Pequeño gran hombre
Cierto día algún erudito en materia cinematográfica nos podrá explicar por qué esta pequeña obra maestra (otra más) dirigida por los hermanos Coen no ha sido nominada a mejor película en la pasada edición de los Oscars de Hollywood. Lo más imperdonable de todo es que los académicos tenían la oportunidad de escoger hasta diez títulos distintos para optar a premio, y al final se decantaron por tan sólo nueve películas candidatas. La única teoría que se me ocurre es que al público y a la crítica norteamericana no le gustan las películas de perdedores, y más concretamente aquellas propuestas en las que los “loosers” no acaban de asomar la cabeza en ningún momento, y acaban tan hundidos en la miseria como deberían acabar todos aquellos votantes ciegos que no han sabido ver las múltiples virtudes de un film que se disfruta desde el primer al último minuto de metraje.
Nueva York. Año 1961: Llewyn Davis (excelente Oscar Isaac, en un rol que sin dudas lo marcará para el resto de su carrera) es un joven cantante de folk que vive de mala manera en el Greenwich Village. Con su guitarra a cuestas, sin casa fija y casi sin dinero, durante un fuerte invierno, lucha por ganarse la vida como músico tocando en pequeños garitos donde busca el favor de un público versado en la materia. Los pocos amigos que tiene le prestan toda la ayuda posible en forma de comida y sofá cama. De los cafés del Village decide viajar a Chicago buscando la oportunidad de realizar una prueba para el magnate de la música Bud Grossman (a quien da vida un comedido Fray Murray Abraham).
A parte de Isaac, del resto del elenco actoral destacan sobremanera las figuras de Carey Mulligan (quien ya había coincidido como esposa en la ficción del actor en la estupenda Drive: Acción a máxima velocidad) y de Justin Timberlake, ambos dotados de una voz privilegiada con las que nos deleitan a lo largo del film con una serie de canciones aterciopeladas imprescindibles para todos aquellos amantes de la música en general y de la música folk en particular.

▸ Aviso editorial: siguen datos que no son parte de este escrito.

(* [a = |y_p|], [s = |y|_N]; [x j] and [z j] are the norms of the lifted vectors
   and of their eliminated images. *)
Lemma short_vectors_bound_step n (a s Np D D' NN : nat) (x z : 'I_n -> nat) :
  (0 < a)%N -> (s <= n.+1 * (a * Np))%N -> (forall j, a * x j <= 2 * z j)%N ->
  (\prod_j z j <= 2 ^ (n * n) * D' * NN)%N -> (D * a ^ n = a * D')%N ->
  (s * \prod_j x j <= 2 ^ (n.+1 * n.+1) * D * (Np * NN))%N.
Proof.
move=> a_gt0 s_le xz z_le detE; rewrite -(@leq_pmul2l (a ^ n)) ?expn_gt0 ?a_gt0 //.
have prod_const c : (\prod_(j < n) c = c ^ n)%N by rewrite prod_nat_const card_ord.
have x_le : (a ^ n * \prod_j x j <= 2 ^ n * \prod_j z j)%N.
  by rewrite -!prod_const -!big_split; apply: leq_prod => j _.
have pow_le : (n.+1 * 2 ^ n * 2 ^ (n * n) <= 2 ^ (n.+1 * n.+1))%N.
  rewrite (_ : n.+1 * n.+1 = n.+1 + n + n * n)%N; last by ring.
  by rewrite !expnD !leq_mul // ltnW // ltn_expl.
apply: leq_trans (_ : n.+1 * (a * Np) * (2 ^ n * (2 ^ (n * n) * D' * NN)) <= _)%N.
  by rewrite mulnCA leq_mul // (leq_trans x_le) // leq_mul2l z_le orbT.
rewrite [X in (X <= _)%N](_ : _ = n.+1 * 2 ^ n * 2 ^ (n * n) * (Np * NN * (a * D')))%N;
  last by ring.
rewrite -detE [X in (_ <= X)%N](_ : _ = 2 ^ (n.+1 * n.+1) * (Np * NN * (D * a ^ n)))%N;
  last by ring.
by rewrite leq_mul2r pow_le orbT.
Qed.

Theorem exists_short_independent_lattice_vectors n (N : 'I_n -> nat) (B : 'M[int]_n) :
  (forall i, 0 < N i)%N -> \det B != 0 ->
  exists2 W : 'M[int]_n, \det W != 0 &
    (\prod_j wnorm N (row j (W *m B)) <= 2 ^ (n * n) * `|\det B| * \prod_i N i)%N.
Proof.
elim: n N B => [|n IH] N B N_gt0 detB.
  by exists 1; rewrite ?det1 ?oner_eq0 // !big_ord0 muln1 mul1n absz_gt0.
have [R uR [y_neq0 y_min]] := exists_shortest_lattice_row N detB.
set X := R *m B; set y := row ord0 X.
have [p yp_neq0 y_bound] := exists_dominant_coord N_gt0 y_neq0.
have yXp : y ord0 p = X ord0 p by rewrite mxE.
rewrite yXp in yp_neq0 y_bound; set a := `|X ord0 p|%N in y_bound.
have detX : `|\det X|%N = `|\det B|%N.
  by rewrite det_mulmx abszM (absz_det_unitmx uR) mul1n.
have detXE := absz_det_elim_rows p X; rewrite detX -/a in detXE.
have detE : \det (elim_rows p X) != 0.
  apply: contraNneq detB => E0; move/eqP: detXE; rewrite E0 absz0 muln0.
  by rewrite muln_eq0 expn_eq0 absz_eq0 /a absz_eq0 (negbTE yp_neq0) andFb orbF => ->.
have [W2 detW2 W2_bound] := IH _ _ (fun k => N_gt0 (lift p k)) detE.
have [W' [Y0 elimY Yhalf]] := lift_elim_rows W2 yp_neq0.
set Y := W' *m X in Y0 elimY Yhalf *; rewrite -/y in Y0.
have detY : \det Y != 0.
  apply/negP => /eqP Y0'; have := absz_det_elim_rows p Y.
  have Yp : Y ord0 p = X ord0 p by rewrite -yXp -Y0 [RHS]mxE.
  rewrite -/Y elimY Yp Y0' det_mulmx absz0 mul0n.
  move=> /esym/eqP; rewrite abszM !muln_eq0 !absz_eq0.
  by rewrite (negbTE yp_neq0) (negbTE detW2) (negbTE detE).
set N' := fun k => N (lift p k).
have row_bound (j : 'I_n) :
    (a * wnorm N (row (lift ord0 j) Y) <= 2 * wnorm N' (row j (W2 *m elim_rows p X)))%N.
  rewrite -elimY row_elim_rows Y0 /a -yXp.
  apply: wnorm_elim_coord; last by rewrite yXp [_ ord0 _]mxE.
  rewrite /Y /X row_mul mulmxA; apply: y_min.
  by rewrite -mulmxA -row_mul row_neq0_det.
exists (W' *m R).
  by apply: contraNneq detY => WR0; rewrite /Y /X mulmxA det_mulmx WR0 mul0r.
rewrite -mulmxA -/X -/Y big_ord_recl Y0 (bigD1_ord p) //=.
by apply: (short_vectors_bound_step _ y_bound row_bound W2_bound detXE); rewrite absz_gt0.
Qed.

(** * The lattice orthogonal to b *)

Lemma gcd_vecE d (b : 'I_d -> int) :
  gcd_vec b = (\big[gcdn/0%N]_(i < d) `|b i|%N)%:Z.
Proof. by rewrite /gcd_vec; apply: (big_rec2 (fun x y => x = y%:Z)) => // i x y _ ->. Qed.

Lemma gcd_vec_neq0 d (b : 'I_d -> int) i : b i != 0 -> gcd_vec b != 0.
Proof.
move=> bi; rewrite gcd_vecE; apply: contraNneq bi => /eqP; rewrite eqz_nat => /eqP G0.
rewrite -absz_eq0 -dvd0n -G0.
exact: (elimT (dvdn_biggcdP _ _ _) (dvdnn _)) i isT.
Qed.

Lemma gcd_vec_unimodular_row n (b : 'I_n.+1 -> int) k (R : 'M[int]_n.+1) :
  R \in unitmx -> (forall i, b i = k * R ord0 i) -> gcd_vec b = `|k|%:Z.
Proof.
move=> uR bE.
rewrite gcd_vecE; congr Posz; apply/eqP; rewrite eqn_dvd; apply/andP; split; last first.
  by apply/dvdn_biggcdP => i _; rewrite bE abszM dvdn_mulr.
have kE : k = \sum_i b i * invmx R i ord0.
  have := congr1 (fun A : 'M_n.+1 => A ord0 ord0) (mulmxV uR); rewrite !mxE /= => e.
  by under eq_bigr => i _ do rewrite bE -mulrA; rewrite -mulr_sumr e mulr1.
suff : ((\big[gcdn/0%N]_(i < n.+1) `|b i|%N)%:Z %| k)%Z by rewrite dvdzE.
rewrite kE; apply: rpred_sum => i _; apply: dvdz_mulr.
by apply: (elimT (dvdn_biggcdP _ _ _) (dvdnn _)).
Qed.

Lemma absz_det_invmx_minor n (R : 'M[int]_n.+1) r : R \in unitmx ->
  `|\det (row' r (col' ord0 (invmx R)))|%N = `|R ord0 r|%N.
Proof.
move=> uR; set Q := invmx R.
have adjQ : \adj Q = \det Q *: R.
  have := congr1 (mulmx R) (mul_mx_adj Q).
  by rewrite mulmxA mulmxV // mul1mx mul_mx_scalar.
have := congr1 (fun A : 'M_n.+1 => `|A ord0 r|%N) adjQ; rewrite /= !mxE /cofactor.
rewrite abszMsign abszM => ->.
by rewrite absz_det_unitmx ?mul1n ?unitmx_inv.
Qed.

Lemma exists_orthogonal_matrix_det n (b : 'I_n.+1 -> int) r :
  exists C : 'M[int]_(n, n.+1), (forall l, \sum_i C l i * b i = 0) /\
    (`|\det (col' r C)| * `|gcd_vec b| = `|b r|)%N.
Proof.
have [k [R [uR bE]]] := int_row_unimodular_multiple (\row_i b i).
have bkR i : b i = k * R ord0 i by have := congr1 (fun v : 'rV_n.+1 => v ord0 i) bE; rewrite !mxE.
exists (col' ord0 (invmx R))^T; split=> [l|].
  have := congr1 (fun A : 'M_n.+1 => A ord0 (lift ord0 l)) (mulmxV uR).
  rewrite !mxE (negbTE (neq_lift _ _)) => /= RQ0.
  transitivity (k * \sum_i R ord0 i * invmx R i (lift ord0 l)); last by rewrite RQ0 mulr0.
  rewrite mulr_sumr; apply: eq_bigr => i _.
  by rewrite !mxE bkR; ring.
rewrite -tr_row' det_tr absz_det_invmx_minor // (gcd_vec_unimodular_row uR bkR).
by rewrite bkR abszM mulnC.
Qed.

Lemma wnorm_orthogonal_le n (N : 'I_n.+1 -> nat) (b : 'I_n.+1 -> int) r (m : 'rV[int]_n.+1) :
  b r != 0 -> (forall i, `|b i| * N r <= `|b r| * N i)%N -> \sum_i m ord0 i * b i = 0 ->
  (wnorm N m <= 2 * wnorm (fun k => N (lift r k)) (col' r m))%N.
Proof.
move=> br r_max mb0; rewrite (wnorm_col' N r) mul2n -addnn leq_add2r.
have mr_le : (`|b r| * `|m ord0 r| <= \sum_k `|b (lift r k)| * `|m ord0 (lift r k)|)%N.
  move: mb0; rewrite (bigD1_ord r) //= => /eqP; rewrite addr_eq0 => /eqP mr_eq.
  rewrite -abszM mulrC mr_eq abszN (leq_trans (absz_sum_le _)) // leq_sum // => k _.
  by rewrite abszM mulnC.
rewrite -(@leq_pmul2l `|b r|) ?absz_gt0 // mulnA (leq_trans (leq_mul mr_le (leqnn (N r)))) //.
rewrite /wnorm big_distrl big_distrr /= leq_sum // => k _; rewrite mxE.
by have := r_max (lift r k); nia.
Qed.

Lemma exists_short_orthogonal_matrix n (N : 'I_n.+1 -> nat) (b : 'I_n.+1 -> int) r :
  (forall i, 0 < N i)%N -> b r != 0 -> (forall i, `|b i| * N r <= `|b r| * N i)%N ->
  exists M : 'M[int]_(n, n.+1),
    [/\ forall j, \sum_i M j i * b i = 0, \det (col' r M) != 0 &
      (`|gcd_vec b| * \prod_j wnorm N (row j M) <=
        2 ^ (n * n.+1) * (`|b r| * \prod_k N (lift r k)))%N].
Proof.
move=> N_gt0 br r_max; set N' := fun k => N (lift r k).
have [C [Cb detC]] := exists_orthogonal_matrix_det b r.
have detC_neq0 : \det (col' r C) != 0.
  apply: contraNneq br => C0; move: detC; rewrite C0 absz0 mul0n => /esym/eqP.
  by rewrite absz_eq0 => ->.
have [W detW W_bound] :=
  exists_short_independent_lattice_vectors (fun k => N_gt0 (lift r k)) detC_neq0.
set M := W *m C.
have col'M : col' r M = W *m col' r C by rewrite !col'Esub mulmx_colsub.
have Mb j : \sum_i M j i * b i = 0.
  under eq_bigr do rewrite mxE mulr_suml.
  rewrite exchange_big big1 // => l _.
  transitivity (W j l * \sum_i C l i * b i); last by rewrite Cb mulr0.
  by rewrite mulr_sumr; apply: eq_bigr => i _; rewrite mulrA.
have M_bound : (\prod_j wnorm N (row j M) <=
    2 ^ n * (2 ^ (n * n) * `|\det (col' r C)| * \prod_k N' k))%N.
  apply: leq_trans (_ : _ <= \prod_j (2 * wnorm N' (row j (W *m col' r C))))%N _.
    apply: leq_prod => j _; rewrite -col'M row_col'.
    by apply: wnorm_orthogonal_le br r_max _; under eq_bigr do rewrite mxE; apply: Mb.
  by rewrite big_split /= prod_nat_const card_ord leq_mul2l W_bound orbT.
exists M; split=> //; first by rewrite col'M det_mulmx mulf_neq0.
rewrite -detC (leq_trans (leq_mul (leqnn _) M_bound)) // eq_leq //.
by rewrite (_ : n * n.+1 = n + n * n)%N ?expnD; ring.
Qed.

(** * The affine map *)

Lemma mulmx_col'_eq0 (F : fieldType) n (M : 'M[F]_(n, n.+1)) (u : 'cV[F]_n.+1) r :
  \det (col' r M) != 0 -> u r 0 = 0 -> M *m u = 0 -> u = 0.
Proof.
move=> detM ur0 Mu0.
have Mu' : col' r M *m row' r u = 0.
  apply/matrixP => j z; have := congr1 (fun A : 'cV_n => A j 0) Mu0.
  rewrite [RHS]mxE [LHS]mxE (bigD1_ord r) //= ur0 mulr0 add0r => e.
  by rewrite ord1 [RHS]mxE -e [LHS]mxE; apply: eq_bigr => k _; rewrite !mxE.
have uM : col' r M \in unitmx by rewrite unitmxE unitfE.
have u'0 : row' r u = 0 by rewrite -[row' r u](mulKmx uM) Mu' mulmx0.
apply/matrixP => i z; rewrite ord1 mxE; case: (unliftP r i) => [k ->|->] //.
by have := congr1 (fun A : 'cV_n => A k 0) u'0; rewrite !mxE.
Qed.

La banda sonora es simplemente magnífica, con algunas piezas que se escuchan una y otra y vez sin descanso, ideal para una velada tranquila en la que uno se deje mecer por la melancolía y la desazón. A su lado, una serie de secundarios de lujo que se lucen en pequeños pero inolvidables papeles: el inmenso -en todos los sentidos- John Goodman dando vida a un personaje que se inspira en el actor estadounidense Everett Sloane, famoso por su participación en clásicos como La dama de Shanghai, Marcado por el odio, El ciudadano o El loco del pelo rojo, y el emergente Garrett Hedlund(Troya; Tron: Legacy), quien borda un atípico poeta de barrio tan silencioso como contundente.
La crisis que atraviesa el protagonista tiene mucho que ver con la ironía del destino y con su incapacidad de estar en el lugar oportuno, en el momento oportuno (todo lo contrario a la frase famosa de John McClane en la saga Duro de matar). Alejada de ese modelo de película sarcástica que ha marcado una cierta filmografía de sus autores, estamos ante un relato íntimo y rabiosamente personal de alguien que busca el favor del público a la vez que anhela encontrar su lugar en un mundo cambiante, que no acaba de comprender.
El tono puede parecer menor, como si los dos hermanos quisieran construir una película discreta, haciendo el menor ruido posible, pero de manera paradójica consiguen mantener un continuo equilibrio entre la discreción cómica y los apuntes dramáticos. El resultado final es admirable y, a pesar de sus penurias, podemos acabar amando a Llewyn Davis.